Work task:
Report each line from the entries in which "Hypothesis" can be found.

[[ Material for this task, beginning ]]

Lemma herm_part_unit_circle n (M : 'M[C]_n) w : `|w| = 1 ->
  M + w ^+ 2 *: M ^t* = (2 * w) *: herm_part (w^* *: M).
Proof.
move=> w1; have ww : w * w^* = 1 by rewrite -normCK w1 expr1n.
apply/matrixP => i j; rewrite !mxE /= rmorphM /= conjCK -{1}[M i j]mul1r -ww.
have w_neq0 : w != 0 by rewrite -normr_eq0 w1 oner_eq0.
by field; rewrite /= conjC_eq0 w_neq0.
Qed.

End HermitianPart.

Lemma exists_sorted_spectral (C : numClosedFieldType) n (H : 'M[C]_n.+1) :
  H \is hermsymmx ->
  exists P, exists d : 'rV[C]_n.+1, exists s : 'I_n.+1 -> 'I_n.+1,
    [/\ P \is unitarymx, H = P ^t* *m diag_mx d *m P, injective s &
         forall i j : 'I_n.+1, (i <= j)%N -> d 0 (s j) <= d 0 (s i)].
Proof.
move=> H_herm; have d_real i : spectral_diag H 0 i \is Num.real.
  by move/mxOverP: (hermitian_spectral_diag_real H_herm); apply.
have [s s_inj d_s_nonincr] := exists_nonincreasing_perm d_real.
exists (spectralmx H), (spectral_diag H), s.
by split; [apply: spectral_unitarymx | apply: hermitian_spectral | |].
Qed.

Section DiscRanges.
Variables (C : numClosedFieldType) (n : nat) (A : 'M[C]_n.+1).
Hypothesis disc_ranges :
  forall c : 'I_n.+1 -> C, real_vec c -> is_closed_disc0 (c_numrange c A).

Section Rotation.
Variables (w : C) (P : 'M[C]_n.+1) (d : 'rV[C]_n.+1) (s : 'I_n.+1 -> 'I_n.+1).
Hypothesis w1 : `|w| = 1.
Hypothesis P_unitary : P \is unitarymx.
Hypothesis herm_part_spec : herm_part (w^* *: A) = P ^t* *m diag_mx d *m P.
Hypothesis s_inj : injective s.
Hypothesis d_s_nonincr : forall i j : 'I_n.+1, (i <= j)%N -> d 0 (s j) <= d 0 (s i).

Lemma Re_rotate_sum k (F : 'I_n.+1 -> C) :
  'Re (w^* * \sum_j ind_lt k j * F j) = \sum_j ind_lt k j * 'Re (w^* * F j).
Proof.
rewrite mulr_sumr raddf_sum; apply: eq_bigr => j _.
by rewrite mulrCA [LHS]ReMl // realn.
Qed.

Lemma top_sum_eq_radius k r : (k <= n.+1)%N -> 0 <= r ->
  (forall z, c_numrange (ind_lt k) A z <-> `|z| <= r) ->
  \sum_j ind_lt k j * d 0 (s j) = r.
Proof.
move=> le_kn r_ge0 range_disc.
have qform_rot x : 'Re (w^* * qform A x) = qform (P ^t* *m diag_mx d *m P) x.
  by rewrite -herm_part_spec qform_herm_part qformZ.
apply/eqP; rewrite eq_le; apply/andP; split.
  set z := \sum_j ind_lt k j * qform A ((row (s j) P) ^t*).
  have z_in : c_numrange (ind_lt k) A z.
    exists (fun j => (row (s j) P) ^t*); split => //.
    exact: unitarymx_rows_orthonormal.
  apply: le_trans ((range_disc z).1 z_in).
  have -> : \sum_j ind_lt k j * d 0 (s j) = 'Re (w^* * z).
    by rewrite Re_rotate_sum; apply: eq_bigr => j _; rewrite qform_rot qform_row_spectral.
  by rewrite (le_trans (leif_Re_Creal _).1) // normrM norm_conjC w1 mul1r.
have [x [x_ortho wr_eq]] : c_numrange (ind_lt k) A (w * r).
  by apply/range_disc; rewrite normrM w1 mul1r ger0_norm.
have -> : r = 'Re (w^* * (w * r)).
  rewrite mulrA (mulrC w^*) -normCK w1 expr1n mul1r.
  by apply/esym/Creal_ReP; apply: ger0_real.
rewrite wr_eq Re_rotate_sum.
under eq_bigr => j _ do rewrite qform_rot.
exact: sum_qform_le_top_sum.
Qed.

Lemma trace_pow_herm_part_sorted m :
  \tr (herm_part (w^* *: A) ^+ m) = \sum_j d 0 (s j) ^+ m.
Proof.
by rewrite herm_part_spec trace_pow_unitary_diag // (reindex_inj s_inj).
Qed.

End Rotation.

Lemma trace_pow_herm_part_indep w w' m : `|w| = 1 -> `|w'| = 1 ->
  \tr (herm_part (w^* *: A) ^+ m) = \tr (herm_part (w'^* *: A) ^+ m).
Proof.
move=> w1 w'1.
have [P [d [s [P_unitary H_spec s_inj d_s_nonincr]]]] :=
  exists_sorted_spectral (herm_part_hermitian (w^* *: A)).
have [P' [d' [s' [P'_unitary H'_spec s'_inj d'_s'_nonincr]]]] :=
  exists_sorted_spectral (herm_part_hermitian (w'^* *: A)).
rewrite (trace_pow_herm_part_sorted P_unitary H_spec s_inj).
rewrite (trace_pow_herm_part_sorted P'_unitary H'_spec s'_inj).
apply: eq_bigr => j _; congr (_ ^+ _).
have ind_lt_real k : real_vec (ind_lt k : 'I_n.+1 -> C) by move=> i; apply: realn.
have [r [r_ge0 disc_r]] := disc_ranges (ind_lt_real j).
have [r' [r'_ge0 disc_r']] := disc_ranges (ind_lt_real j.+1).
have le_jn : (j <= n.+1)%N by apply: ltnW.
have top_w := top_sum_eq_radius w1 P_unitary H_spec s_inj d_s_nonincr.
have top_w' := top_sum_eq_radius w'1 P'_unitary H'_spec s'_inj d'_s'_nonincr.
rewrite (ind_lt_diff (fun i => d 0 (s i))) (ind_lt_diff (fun i => d' 0 (s' i))).
rewrite (top_w _ _ le_jn r_ge0 disc_r) (top_w' _ _ le_jn r_ge0 disc_r).
by rewrite (top_w _ _ (ltn_ord j) r'_ge0 disc_r') (top_w' _ _ (ltn_ord j) r'_ge0 disc_r').
Qed.

Lemma disc_ranges_nilpotent : A ^+ n.+1 = 0.
Proof.
apply: nilpotent_of_trace_pow => m m_gt0.
pose K := \tr (herm_part (1^* *: A) ^+ m).
apply: (trace_pow_eq0_of_unit_circle (B := A ^t*) (K := K) m_gt0).
move=> w w1; rewrite herm_part_unit_circle // exprZn mxtraceZ.
by rewrite (trace_pow_herm_part_indep m w1 (normr1 C)).
Qed.

End DiscRanges.

Theorem mainTheorem17 (C : numClosedFieldType) (n : nat) (A : 'M[C]_n) :
  (forall c : 'I_n -> C, real_vec c -> is_closed_disc0 (c_numrange c A)) ->
  mx_nilpotent A.
Proof.
case: n A => [|n] A disc_ranges; first by exists 0%N; apply/matrixP => -[].
by exists n.+1; apply: disc_ranges_nilpotent.
Qed.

[[ Material for this task, end ]]

Your response:
Hypothesis disc_ranges :
Hypothesis w1 : `|w| = 1.
Hypothesis P_unitary : P \is unitarymx.
Hypothesis herm_part_spec : herm_part (w^* *: A) = P ^t* *m diag_mx d *m P.
Hypothesis s_inj : injective s.
Hypothesis d_s_nonincr : forall i j : 'I_n.+1, (i <= j)%N -> d 0 (s j) <= d 0 (s i).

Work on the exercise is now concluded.